Donald Trump candidate called China a currency manipulator and promised to add a huge tariff to all Chinese imports. He also talked about ending, what he considers to be unfavorable trade agreements. Trump could create a major anti-trade situation with China that could spread to other emerging markets.

  1. End of the Global Monetary Policy Easing Cycle

Will 2017 see the end of rate cuts and quantitative easing? 2016 ended with the global economy showing signs of an upturn. However, the U.S. was the only country that raised its benchmark interest rate. Questions remain about the other major central banks. Will the Bank of England be forced to take action to prop up the U.K. economy or the British Pound? Will the European Central Bank begin to taper or set an end date for its quantitative easing program? Will the ECB and the Bank of Japan be forced by rising interest rates to abandon its negative interest rate policy? Are the Australian and New Zealand economies ready for a rate hike?

  1. Trump’s Economic Policies will Clash with Fed Policy

Trump went head to head with Fed Chair Janet Yellen during the presidential campaign, but both seem to have made nice since Trump won the election. Although the Fed has said there is nothing wrong with stimulating the economy through fiscal spending like Trump plans to do, they have said that the spending carries a lot of responsibility.

Trump’s policies are expected to be inflationary. The Fed has some leeway there since consumer inflation is currently below their 2.0% target, but how high will the central bank allow inflation to rise above this level before it takes action to drive inflation back down?

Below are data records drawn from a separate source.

Lemma ex_series_CPSeries (t : R) : (Rabs t < r)%R -> ex_series (fun k => RtoC (t ^ k) * c k).
Proof.
  intro Ht. assert (Hr : (0 < r)%R) by (pose proof (Rabs_pos t); lra).
  apply (ex_series_le (K := C_AbsRing) (V := C_CompleteNormedModule) _
           (fun k => M * (Rabs t / r) ^ k)%R).
  - intro k. change norm with Cmod. rewrite Cmod_mult, Cmod_R, <- RPow_abs.
    replace (M * (Rabs t / r) ^ k)%R with (M / r ^ k * Rabs t ^ k)%R
      by (unfold Rdiv; rewrite Rpow_mult_distr, pow_inv; ring).
    rewrite Rmult_comm. apply Rmult_le_compat_r; [apply pow_le, Rabs_pos|].
    apply Rmult_le_reg_r with (r ^ k)%R; [now apply pow_lt|].
    unfold Rdiv. rewrite Rmult_assoc, Rinv_l, Rmult_1_r by (apply pow_nonzero; lra).
    apply Hbound.
  - apply (ex_series_scal_l (K := R_AbsRing) (V := R_NormedModule)).
    exists (/ (1 - Rabs t / r))%R. apply is_series_geom.
    rewrite Rabs_pos_eq; [|apply Rmult_le_pos; [apply Rabs_pos | left; now apply Rinv_0_lt_compat]].
    apply Rmult_lt_reg_r with r; [exact Hr|]. unfold Rdiv. rewrite Rmult_assoc, Rinv_l; lra.
Qed.

Lemma is_Cderive_CPSeries (x : R) : (Rabs x < r)%R ->
  is_Cderive (CPSeries c) x (CPSeries (fun k => RtoC (INR (S k)) * c (S k)) x).
Proof.
  intro Hx. assert (Hr : (0 <= r)%R) by (pose proof (Rabs_pos x); lra).
  assert (Hderiv : forall a : nat -> R, (forall k, Rabs (a k) <= Cmod (c k))%R ->
            derivable_pt_lim (PSeries a) x (PSeries (PS_derive a) x)).
  { intros a Ha. apply is_derive_Reals, is_derive_PSeries.
    apply (Rbar_lt_le_trans _ r); [exact Hx|].
    apply (proj1 (CV_radius_bounded a)). exists M. intro k.
    rewrite Rabs_mult, <- RPow_abs, (Rabs_pos_eq r Hr).
    eapply Rle_trans; [|apply Hbound]. apply Rmult_le_compat_r; [now apply pow_le | apply Ha]. }
  split.
  - apply (derivable_pt_lim_ext (PSeries (fun k => Re (c k))));
      [intro t; now rewrite CPSeries_components|].
    rewrite CPSeries_components. simpl.
    replace (PSeries _ x) with (PSeries (PS_derive (fun k => Re (c k))) x)
      by (apply PSeries_ext; intro k; unfold PS_derive, Re; simpl; ring).
    apply Hderiv. intro k. eapply Rle_trans; [apply Rmax_l | apply Rmax_Cmod].
  - apply (derivable_pt_lim_ext (PSeries (fun k => Im (c k))));
      [intro t; now rewrite CPSeries_components|].
    rewrite CPSeries_components. simpl.
    replace (PSeries _ x) with (PSeries (PS_derive (fun k => Im (c k))) x)
      by (apply PSeries_ext; intro k; unfold PS_derive, Im; simpl; ring).
    apply Hderiv. intro k. eapply Rle_trans; [apply Rmax_r | apply Rmax_Cmod].
Qed.
Theorem theorem1 (ar : opsym -> nat) (Gamma : expr -> Prop) (phi : expr) :
  (forall psi, Gamma psi -> wf ar psi = true) ->
  wf ar phi = true ->
  fconseq (set_to_fol Gamma) (to_fol phi) ->
  kconseq Gamma phi.
Proof.
  intros _ _ Hfol M xi HGamma w.
  rewrite <- (feval_to_fol M xi w).
  apply (Hfol (coalesced_struct M xi w)); intros g [psi [Hpsi ->]].
  rewrite feval_to_fol; auto.
Qed.
(* Let $X,Y$ be metric spaces, $X\times Y$ with the maximum metric, $\Delta$ a scale and $g,h$ Hausdorff functions. For any set $E\subseteq X\times Y$, $$\mathcal P^{gh}_{\Delta,0}(E)\ge\mathcal P^{h}_{\Delta}(X)\cdot\inf_{x\in X}\underline{\mathcal B}^{g}_0(E_x).$$
   Context: In a metric space $(X,d)$: $\operatorname{gap}F=\inf\{d(x,y):x,y\in F,x\neq y\}$, $C_\delta(E)=\sup\{|F|:F\subseteq E,\operatorname{gap}F>\delta\}$. A Hausdorff function is a nondecreasing $g:(0,\infty)\to(0,\infty)$; $gh$ is the pointwise product. A scale is a set $\Delta\subseteq(0,\infty)$ with $0$ in its closure. A packing is a family $\pi=\{(x_i,r_i):i\in I\}\subseteq X\times(0,\infty)$ with $d(x_i,x_j)>r_i$ for $i\ne j$; it is a packing of $E$ if all $x_i\in E$, $\Delta$-valued if all $r_i\in\Delta$, $\delta$-fine if all $r_i\le\delta$; $g(\pi)=\sum_ig(r_i)$. $\mathcal P^g_{\Delta,0}(E)=\inf_{\delta>0}\sup\{g(\pi):\pi$ a $\Delta$-valued $\delta$-fine packing of $E\}$; $\mathcal P^g_\Delta(E)=\inf\{\sum_n\mathcal P^g_{\Delta,0}(E_n):E\subseteq\bigcup_nE_n\}$ (countable covers); $\underline{\mathcal B}^g_0(E)=\liminf_{\delta\to0}C_\delta(E)g(\delta)$. $E_x=\{y\in Y:(x,y)\in E\}$. *)

From HB Require Import structures.
From mathcomp Require Import all_boot all_order all_algebra.
From mathcomp Require Import all_classical all_reals.
From mathcomp Require Import ereal topology sequences esum.
Set Implicit Arguments. Unset Strict Implicit. Unset Printing Implicit Defensive.
Import Order.TTheory GRing.Theory Num.Theory.
Local Open Scope classical_set_scope.
Local Open Scope ring_scope.

Section Defs.
Variable R : realType.

Definition is_metric (T : Type) (d : T -> T -> R) : Prop :=
  [/\ forall x y, 0 <= d x y,
      forall x y, d x y = 0 <-> x = y,
      forall x y, d x y = d y x &
      forall x y z, d x z <= d x y + d y z].

Definition max_metric (X Y : Type) (dX : X -> X -> R) (dY : Y -> Y -> R)
  : X * Y -> X * Y -> R := fun p q => Num.max (dX p.1 q.1) (dY p.2 q.2).

Definition hausdorff_fun (g : R -> R) : Prop :=
  (forall t, 0 < t -> 0 < g t) /\ (forall s t, 0 < s -> s <= t -> g s <= g t).

Definition scale (D : set R) : Prop :=
  (forall t, D t -> 0 < t) /\ (forall e, 0 < e -> exists2 t, D t & t < e).

Variable T : choiceType.
Variable d : T -> T -> R.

Trump has also promised jobs, but Yellen says that the U.S. labor market has improved enough so that it will not need big government spending to reach full employment. She even went as far as to say that her predecessor at the Fed, Ben Bernanke, called for fiscal stimulus when “employment was much higher than it is now.”

Trump and the Fed are going to fight this year over how much stimulus is appropriate which could cast doubts on whether Trump gets the $1 Trillion he has promised to rebuilt the infrastructure of the U.S.